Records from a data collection

★ ★ ★

(* For $r\ge1$ and $x\in\mathbb Z^2$ with $\|x\|\ge r+1$, $$\widehat P_x\big[\widehat\tau_1(B(r))=\infty\big]=1-\frac{a(r)+O(r^{-1})}{a(x)}.$$
   Context: Let $(S_k)_{k\ge 0}$ be simple random walk on $\mathbb Z^2$ and $P_x$ its law when $S_0=x$. Write $\|\cdot\|$ for the Euclidean norm, $y\sim x$ for nearest neighbours, $B(r)=\{y\in\mathbb Z^2:\|y\|\le r\}$. The potential kernel is $a(x)=\sum_{k\ge0}(P_0[S_k=0]-P_x[S_k=0])$; it satisfies $a(0)=0$, $a(x)>0$ for $x\ne0$, $\frac14\sum_{y\sim x}a(y)=a(x)$ for $x\neq 0$, and $a(x)=\frac2\pi\ln\|x\|+\gamma'+O(\|x\|^{-2})$ for a constant $\gamma'$. For real $r\ge1$ set $a(r)=\frac2\pi\ln r+\gamma'$. The conditioned walk $(\widehat S_k)_{k\ge0}$ is the Markov chain on $\mathbb Z^2\setminus\{0\}$ with transition probabilities $p(x,y)=\frac{a(y)}{4a(x)}$ for $y\sim x$ (and $0$ otherwise); it is transient. $\widehat P_x$ denotes its law started at $x\ne0$, and $\widehat\tau_1(A)=\inf\{k\ge1:\widehat S_k\in A\}$. $O(r^{-1})$ denotes a quantity bounded in absolute value by a universal constant times $r^{-1}$. *)

From Stdlib Require Import Reals Lra ZArith.
Open Scope R_scope.

Definition pt := (Z * Z)%type.

Definition pt_eq_dec (x y : pt) : {x = y} + {x <> y}.
Proof. decide equality; apply Z.eq_dec. Defined.

Definition norm (x : pt) : R := sqrt (IZR (fst x) ^ 2 + IZR (snd x) ^ 2).

Definition nb_sum (f : pt -> R) (x : pt) : R :=
  f ((fst x + 1)%Z, snd x) + f ((fst x - 1)%Z, snd x)
  + f (fst x, (snd x + 1)%Z) + f (fst x, (snd x - 1)%Z).

(* srw k x y = P_x[S_k = y] for simple random walk on Z^2 *)
Fixpoint srw (k : nat) (x y : pt) : R :=
  match k with
  | O => if pt_eq_dec x y then 1 else 0
  | S k' => / 4 * nb_sum (fun z => srw k' z y) x
  end.

Definition is_potential_kernel (a : pt -> R) : Prop :=
  forall x : pt,
    infinite_sum (fun k => srw k (0%Z, 0%Z) (0%Z, 0%Z) - srw k x (0%Z, 0%Z)) (a x).

Definition is_gamma' (a : pt -> R) (g : R) : Prop :=
  exists C : R, forall x : pt, x <> (0%Z, 0%Z) ->
    Rabs (a x - (2 / PI * ln (norm x) + g)) <= C / (norm x ^ 2).

Definition a_real (g r : R) : R := 2 / PI * ln r + g.

(* hit_le a r n x = \hat P_x[\hat tau_1(B(r)) <= n], for the conditioned walk
   with transition probabilities p(x,y) = a(y)/(4 a(x)), y ~ x.  *)
Fixpoint hit_le (a : pt -> R) (r : R) (n : nat) (x : pt) : R :=
  match n with
  | O => 0
  | S n' => nb_sum (fun y => a y / (4 * a x) *
              (if Rle_dec (norm y) r then 1 else hit_le a r n' y)) x
  end.

From Stdlib Require Import Reals Lra Lia ZArith List.
Open Scope R_scope.

(* The conditioned walk is Doob's h-transform of simple random walk by the
   potential kernel [a], which is harmonic and positive off the origin.  Hence,
   if τ is the entrance time of B(r) and x lies outside B(r),
     a(x) \hat E_x[1 / a(\hat S_τ); τ <= n] = P_x[τ <= n],
   and the right-hand side tends to 1 because simple random walk is recurrent:
   the mass of the walk killed on B(r) that sits in a finite box vanishes since
   P_x[S_n = y] -> 0, while far out [a] is large although the killed walk's
   mean of [a] stays below a(x).  As \hat S_τ lies in the annulus
   r - 1 < |y| <= r, where a(y) = a(r) + O(1/r), this gives
   a(x) \hat P_x[τ < ∞] = a(r) + O(1/r). *)

Notation origin := (0%Z, 0%Z).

★ ★ ★

Return only the exact lines from the opening of the records through the line that contains "Proof. decide equality;", both included.

(* For $r\ge1$ and $x\in\mathbb Z^2$ with $\|x\|\ge r+1$, $$\widehat P_x\big[\widehat\tau_1(B(r))=\infty\big]=1-\frac{a(r)+O(r^{-1})}{a(x)}.$$
   Context: Let $(S_k)_{k\ge 0}$ be simple random walk on $\mathbb Z^2$ and $P_x$ its law when $S_0=x$. Write $\|\cdot\|$ for the Euclidean norm, $y\sim x$ for nearest neighbours, $B(r)=\{y\in\mathbb Z^2:\|y\|\le r\}$. The potential kernel is $a(x)=\sum_{k\ge0}(P_0[S_k=0]-P_x[S_k=0])$; it satisfies $a(0)=0$, $a(x)>0$ for $x\ne0$, $\frac14\sum_{y\sim x}a(y)=a(x)$ for $x\neq 0$, and $a(x)=\frac2\pi\ln\|x\|+\gamma'+O(\|x\|^{-2})$ for a constant $\gamma'$. For real $r\ge1$ set $a(r)=\frac2\pi\ln r+\gamma'$. The conditioned walk $(\widehat S_k)_{k\ge0}$ is the Markov chain on $\mathbb Z^2\setminus\{0\}$ with transition probabilities $p(x,y)=\frac{a(y)}{4a(x)}$ for $y\sim x$ (and $0$ otherwise); it is transient. $\widehat P_x$ denotes its law started at $x\ne0$, and $\widehat\tau_1(A)=\inf\{k\ge1:\widehat S_k\in A\}$. $O(r^{-1})$ denotes a quantity bounded in absolute value by a universal constant times $r^{-1}$. *)

From Stdlib Require Import Reals Lra ZArith.
Open Scope R_scope.

Definition pt := (Z * Z)%type.

Definition pt_eq_dec (x y : pt) : {x = y} + {x <> y}.
Proof. decide equality; apply Z.eq_dec. Defined.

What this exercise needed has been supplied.